Because of this, the limiting factor in modern software delivery is no longer implementation speed. It is confidence. When I review AI-generated output, I am less concerned with whether the code compiles or whether tests pass, and far more concerned with whether the solution truly satisfies the requirements, handles edge cases correctly, and aligns with the long-term structure of the system.

If I cannot explain how a piece of code works, why it was designed a certain way, and what its failure modes are, then I am not comfortable deploying it. Speed without understanding is not progress; it is accumulated risk.

AI Is a Power Tool, Not a Substitute

The most useful way to think about AI is not as a replacement for engineers, but as a powerful tool that amplifies existing skills.

History gives us plenty of parallels. When cars replaced horses, transportation did not disappear. What changed were the skills required to operate safely and effectively at higher speeds. New rules, new professions, and new safety standards emerged alongside the technology.

The same dynamic applies here.

AI dramatically increases the pace at which software can be produced, but it also raises the stakes of misunderstanding. This is why I consistently give the same advice to junior developers:  "Learn the fundamentals first. Then use AI to go faster."
Would you learn to drive a car using a Ferrari as your first car?

Without a solid understanding of how systems work, AI does not compensate for gaps in knowledge. It accelerates them. The result may look impressive at first glance, but it becomes fragile the moment something unexpected happens.

Understanding Is a Prerequisite for Shipping

Before AI, a lack of understanding often slowed developers down. Today, it allows mistakes to reach production much faster.

This is why I am strict about one rule: if I do not understand what the AI produced, I do not ship it.
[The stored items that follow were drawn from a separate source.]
Variables (SA SB : finType) (pi : bool -> bool -> R) (V : SA -> SB -> bool -> bool -> bool).
Hypothesis pi_ge0 : forall x y, 0 <= pi x y.

Lemma cval_ge0 alpha beta : 0 <= cval pi V alpha beta.
Proof.
apply: sumr_ge0 => x _; apply: sumr_ge0 => y _.
by apply: mulr_ge0 => //; rewrite ler0n.
Qed.

Lemma omega_max alpha beta :
  cval pi V alpha beta <= omega pi V /\
  exists alpha' beta', omega pi V = cval pi V alpha' beta'.
Proof.
have inner a := bigmax_max beta (fun b => cval_ge0 a b).
have inner_ge0 a : 0 <= \big[Num.max/0]_b cval pi V a b.
  exact: le_trans (cval_ge0 a beta) ((inner a).1 beta).
have [outer_ub [a' outer_val]] := bigmax_max alpha inner_ge0.
split; first exact: le_trans ((inner alpha).1 beta) (outer_ub alpha).
by have [_ [b' inner_val]] := inner a'; exists a', b'; rewrite /omega outer_val.
Qed.

End ClassicalValue.

Section NonSignaling.
Variables (R : numClosedFieldType) (SA SB : finType) (a0 : SA) (b0 : SB).
Variables (pi : bool -> bool -> R) (V : SA -> SB -> bool -> bool -> bool).
Hypothesis pi_ge0 : forall x y, 0 <= pi x y.

(* A correlation q x y a b = Pr[answers a, b | questions x, y]. *)
Variable q : bool -> bool -> SA -> SB -> R.
Hypothesis q_ge0 : forall x y a b, 0 <= q x y a b.
Hypothesis q_normalized : forall x y, \sum_a \sum_b q x y a b = 1.
Hypothesis alice_marginal : forall x y y' a, \sum_b q x y a b = \sum_b q x y' a b.
Hypothesis bob_marginal : forall x x' y b, \sum_a q x y a b = \sum_a q x' y a b.

Definition pair_value (x y : bool) : R := \sum_a \sum_b (V a b x y)%:R * q x y a b.

Definition corr_value : R := \sum_x \sum_y pi x y * pair_value x y.

Definition best_alice x y b : SA := odflt a0 [pick a | V a b x y].
Definition best_bob x y a : SB := odflt b0 [pick b | V a b x y].

Lemma win_le (c d : bool) : (c -> d) -> (c%:R : R) <= d%:R.
Proof. by case: c; case: d => // /(_ isT). Qed.

Lemma best_aliceP x y a b : (V a b x y)%:R <= (V (best_alice x y b) b x y)%:R :> R.
Proof.
by apply: win_le => win; rewrite /best_alice; case: pickP => [a' -> // | /(_ a)]; rewrite win.
Qed.

Lemma best_bobP x y a b : (V a b x y)%:R <= (V a (best_bob x y a) x y)%:R :> R.
Proof.
by apply: win_le => win; rewrite /best_bob; case: pickP => [b' -> // | /(_ b)]; rewrite win.
Qed.

(* Replacing Alice's answer by her best response to b only depends on Bob's
   marginal, which is the same for every question x' of Alice. *)
Lemma pair_value_le_alice x x' y :
  pair_value x y <= \sum_a \sum_b q x' y a b * (V (best_alice x y b) b x y)%:R.
Proof.
apply: (@le_trans _ _ (\sum_a \sum_b (V (best_alice x y b) b x y)%:R * q x y a b)).
  by apply: ler_sum => a _; apply: ler_sum => b _; rewrite ler_wpM2r ?best_aliceP.
rewrite exchange_big [leRHS]exchange_big; apply: ler_sum => b _ /=.
rewrite -mulr_sumr (bob_marginal x x') mulr_sumr.
by apply: ler_sum => a _; rewrite mulrC.
Qed.

Lemma pair_value_le_bob x y y' :
  pair_value x y <= \sum_a \sum_b q x y' a b * (V a (best_bob x y a) x y)%:R.
Proof.
apply: (@le_trans _ _ (\sum_a \sum_b (V a (best_bob x y a) x y)%:R * q x y a b)).
  by apply: ler_sum => a _; apply: ler_sum => b _; rewrite ler_wpM2r ?best_bobP.
apply: ler_sum => a _; rewrite -mulr_sumr (alice_marginal x y y') mulr_sumr.
by apply: ler_sum => b _; rewrite mulrC.
Qed.

Lemma sum_bool_split (X : bool) (F : bool -> R) : \sum_x F x = F X + F (~~ X).
Proof. by case: X; rewrite big_bool //= addrC. Qed.

Variables X Y : bool.
Hypothesis piXY : pi X Y = 0.

(* For answers (a, b) to the other pair (~X, ~Y), the deterministic strategy
   answering a, b there and best responses on the two mixed pairs. *)
Definition glue_alice a b : {ffun bool -> SA} :=
  [ffun x => if x == X then best_alice X (~~ Y) b else a].
Definition glue_bob a b : {ffun bool -> SB} :=
  [ffun y => if y == Y then best_bob (~~ X) Y a else b].

Lemma cval_glue a b : cval pi V (glue_alice a b) (glue_bob a b) =
  pi X (~~ Y) * (V (best_alice X (~~ Y) b) b X (~~ Y))%:R
  + pi (~~ X) Y * (V a (best_bob (~~ X) Y a) (~~ X) Y)%:R
  + pi (~~ X) (~~ Y) * (V a b (~~ X) (~~ Y))%:R.
Proof.
have negF (Z : bool) : (~~ Z == Z) = false by case: Z.
rewrite /cval (sum_bool_split X) !(sum_bool_split Y) !ffunE !eqxx !negF piXY.
by rewrite mul0r add0r addrA.
Qed.

(* A no-signaling correlation does no better than the classical value: its
   value is an average, with weights q (~X) (~Y) a b, of glued strategies. *)
Lemma corr_value_le_omega : corr_value <= omega pi V.
Proof.
pose w a b := q (~~ X) (~~ Y) a b.
pose avg (F : SA -> SB -> R) := \sum_a \sum_b w a b * F a b.
have avg_glue : avg (fun a b => cval pi V (glue_alice a b) (glue_bob a b)) =
    pi X (~~ Y) * avg (fun a b => (V (best_alice X (~~ Y) b) b X (~~ Y))%:R)
  + pi (~~ X) Y * avg (fun a b => (V a (best_bob (~~ X) Y a) (~~ X) Y)%:R)
  + pi (~~ X) (~~ Y) * avg (fun a b => (V a b (~~ X) (~~ Y))%:R).
  rewrite /avg !mulr_sumr -!big_split; apply: eq_bigr => a _.
  rewrite !mulr_sumr -!big_split; apply: eq_bigr => b _ /=.
  by rewrite cval_glue; ring.
have value_split : corr_value = pi X (~~ Y) * pair_value X (~~ Y)
    + pi (~~ X) Y * pair_value (~~ X) Y + pi (~~ X) (~~ Y) * pair_value (~~ X) (~~ Y).
  by rewrite /corr_value (sum_bool_split X) !(sum_bool_split Y) piXY mul0r add0r addrA.
have diag_value : pair_value (~~ X) (~~ Y) = avg (fun a b => (V a b (~~ X) (~~ Y))%:R).
  by apply: eq_bigr => a _; apply: eq_bigr => b _; rewrite mulrC.
apply: (@le_trans _ _ (avg (fun a b => cval pi V (glue_alice a b) (glue_bob a b)))).
  rewrite value_split avg_glue diag_value lerD2r.
  by rewrite lerD ?ler_wpM2l ?pair_value_le_alice ?pair_value_le_bob.
apply: (@le_trans _ _ (avg (fun _ _ => omega pi V))).
  apply: ler_sum => a _; apply: ler_sum => b _; rewrite ler_wpM2l ?q_ge0 //.
  by case: (omega_max V pi_ge0 (glue_alice a b) (glue_bob a b)).
by rewrite /avg; under eq_bigr do rewrite -mulr_suml; rewrite -mulr_suml q_normalized mul1r.
Qed.

End NonSignaling.

Section QuantumStrategies.
Variables (R : numClosedFieldType) (SA SB : finType).
Variables (pi : bool -> bool -> R) (V : SA -> SB -> bool -> bool -> bool).

Lemma qval_le_omega (a0 : SA) (b0 : SB) (X Y : bool) (dA dB : nat)
    (psi : 'M[R]_(dA, dB)) (PA : bool -> SA -> 'M[R]_dA) (PB : bool -> SB -> 'M[R]_dB) :
  (forall x y, 0 <= pi x y) -> pi X Y = 0 ->
  is_state psi -> is_povm PA -> is_povm PB -> qval pi V psi PA PB <= omega pi V.
Proof.
move=> pi_ge0 piXY Hs [PA_psd PA_sum] [PB_psd PB_sum].
pose q x y a b := qcorr psi (PA x a) (PB y b).
apply: (corr_value_le_omega a0 b0 V pi_ge0 (q := q) _ _ _ _ piXY).
- by move=> x y a b; apply: qcorr_ge0.
- move=> x y; under eq_bigr do rewrite qcorr_sumr PB_sum.
  by rewrite qcorr_suml PA_sum qcorr_id.
- by move=> x y y' a; rewrite !qcorr_sumr !PB_sum.
- by move=> x x' y b; rewrite !qcorr_suml !PA_sum.
Qed.

Lemma sum_delta (S : finType) (c : S) (F : S -> R) : \sum_a F a * (c == a)%:R = F c.
Proof.
rewrite (bigD1 c) //= eqxx mulr1 big1 ?addr0 // => a ac.
by rewrite eq_sym (negbTE ac) mulr0.
Qed.

Definition det_povm (S : finType) (g : {ffun bool -> S}) (x : bool) (a : S) : 'M[R]_1 :=
  ((g x == a)%:R)%:M.

Lemma det_povmP (S : finType) (g : {ffun bool -> S}) : is_povm (det_povm g).
Proof.
split=> [x a v | x].
  rewrite /psd !big_ord1 mxE eqxx mulr1n mulrAC.
  by apply: mulr_ge0; [rewrite mulrC mul_conjC_ge0 | rewrite ler0n].
apply/matrixP => i j; rewrite summxE mxE; under eq_bigr do rewrite mxE.
rewrite sumrMnl; congr (_ *+ _).
by under eq_bigr do rewrite -[(_ == _)%:R]mul1r; rewrite sum_delta.
Qed.

Lemma cval_quantum alpha beta : quantum_values pi V (cval pi V alpha beta).
Proof.
exists 1%N, 1%N, (const_mx 1), (det_povm alpha), (det_povm beta).
split; [by rewrite /is_state !big_ord1 mxE normr1 expr1n | exact: det_povmP
  | exact: det_povmP | ].
apply: eq_bigr => x _; apply: eq_bigr => y _; congr (_ * _).
rewrite -(sum_delta (alpha x) (fun a => (V a (beta y) x y)%:R)).
apply: eq_bigr => a _; rewrite -(sum_delta (beta y) (fun b => (V a b x y)%:R)) mulr_suml.
apply: eq_bigr => b _.
rewrite /qcorr !big_ord1 !mxE eqxx !mulr1n rmorph1 mul1r mulr1; ring.
Qed.

End QuantumStrategies.

Unset Implicit Arguments.

Theorem mainTheorem8 (R : numClosedFieldType) (SA SB : finType)
  (pi : bool -> bool -> R) (V : SA -> SB -> bool -> bool -> bool) :
  (0 < #|SA|)%N -> (0 < #|SB|)%N ->
  is_distribution pi ->
  (exists X Y : bool, pi X Y = 0) ->
  omega_star_eq_omega pi V.
Proof.
move=> /card_gt0P [a0 _] /card_gt0P [b0 _] [pi_ge0 _] [X [Y piXY]].
have [_ [alpha [beta omega_val]]] := omega_max V pi_ge0 [ffun=> a0] [ffun=> b0].
split=> [v [dA [dB [psi [PA [PB [Hs HA HB ->]]]]]] | u ub].
  exact: (qval_le_omega V a0 b0 pi_ge0 piXY Hs HA HB).
by rewrite omega_val; apply/ub/cval_quantum.
Qed.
Not because AI is untrustworthy by default, but because responsibility cannot be delegated.

Shipping software you do not understand means surrendering control over its behavior, its evolution, and its failure modes. When something goes wrong (and eventually, something always does),  the cost of that lost understanding becomes painfully clear.

This principle is not new. Engineers have always known that systems become harder to maintain and debug when their creators no longer understand them. AI simply makes it possible to reach that state far more quickly.

Engineering Has Shifted Up a Level

What has disappeared is not engineering, but a specific interpretation of it.

The modern software engineer spends less time translating requirements into code and more time deciding what should exist, how it should behave, and whether the generated solution is acceptable to run in the real world. The focus has moved from execution to judgment, from implementation details to system behavior.

This shift mirrors changes we have seen in many other industries during periods of automation. The work does not vanish; it becomes more abstract, more conceptual, and more dependent on experience and reasoning.

In this sense, AI has not diminished the role of engineers. It has clarified it.

Why This Matters Beyond Engineering Teams

This transformation is not only relevant to developers. For non-technical roles within a software company, it is important to understand that while AI can dramatically increase speed, it does not eliminate risk.

Organizations that succeed will not be the ones that generate the most code the fastest, but the ones that combine AI-driven acceleration with strong human oversight. The competitive advantage will come from decision quality, not output volume.

AI can produce solutions. Only humans can decide whether those solutions are acceptable.

Closing Thoughts

Software development as we once knew it is fading away, but software engineering is not. It is evolving into a discipline that demands less typing and more thinking, less execution and more accountability.

AI has not removed humans from the loop. It has made the loop itself the most important part of the system.

The future belongs to those who can adapt to this shift, embrace new tools without surrendering understanding, and move faster without losing control.

And that, ultimately, is what engineering has always been about.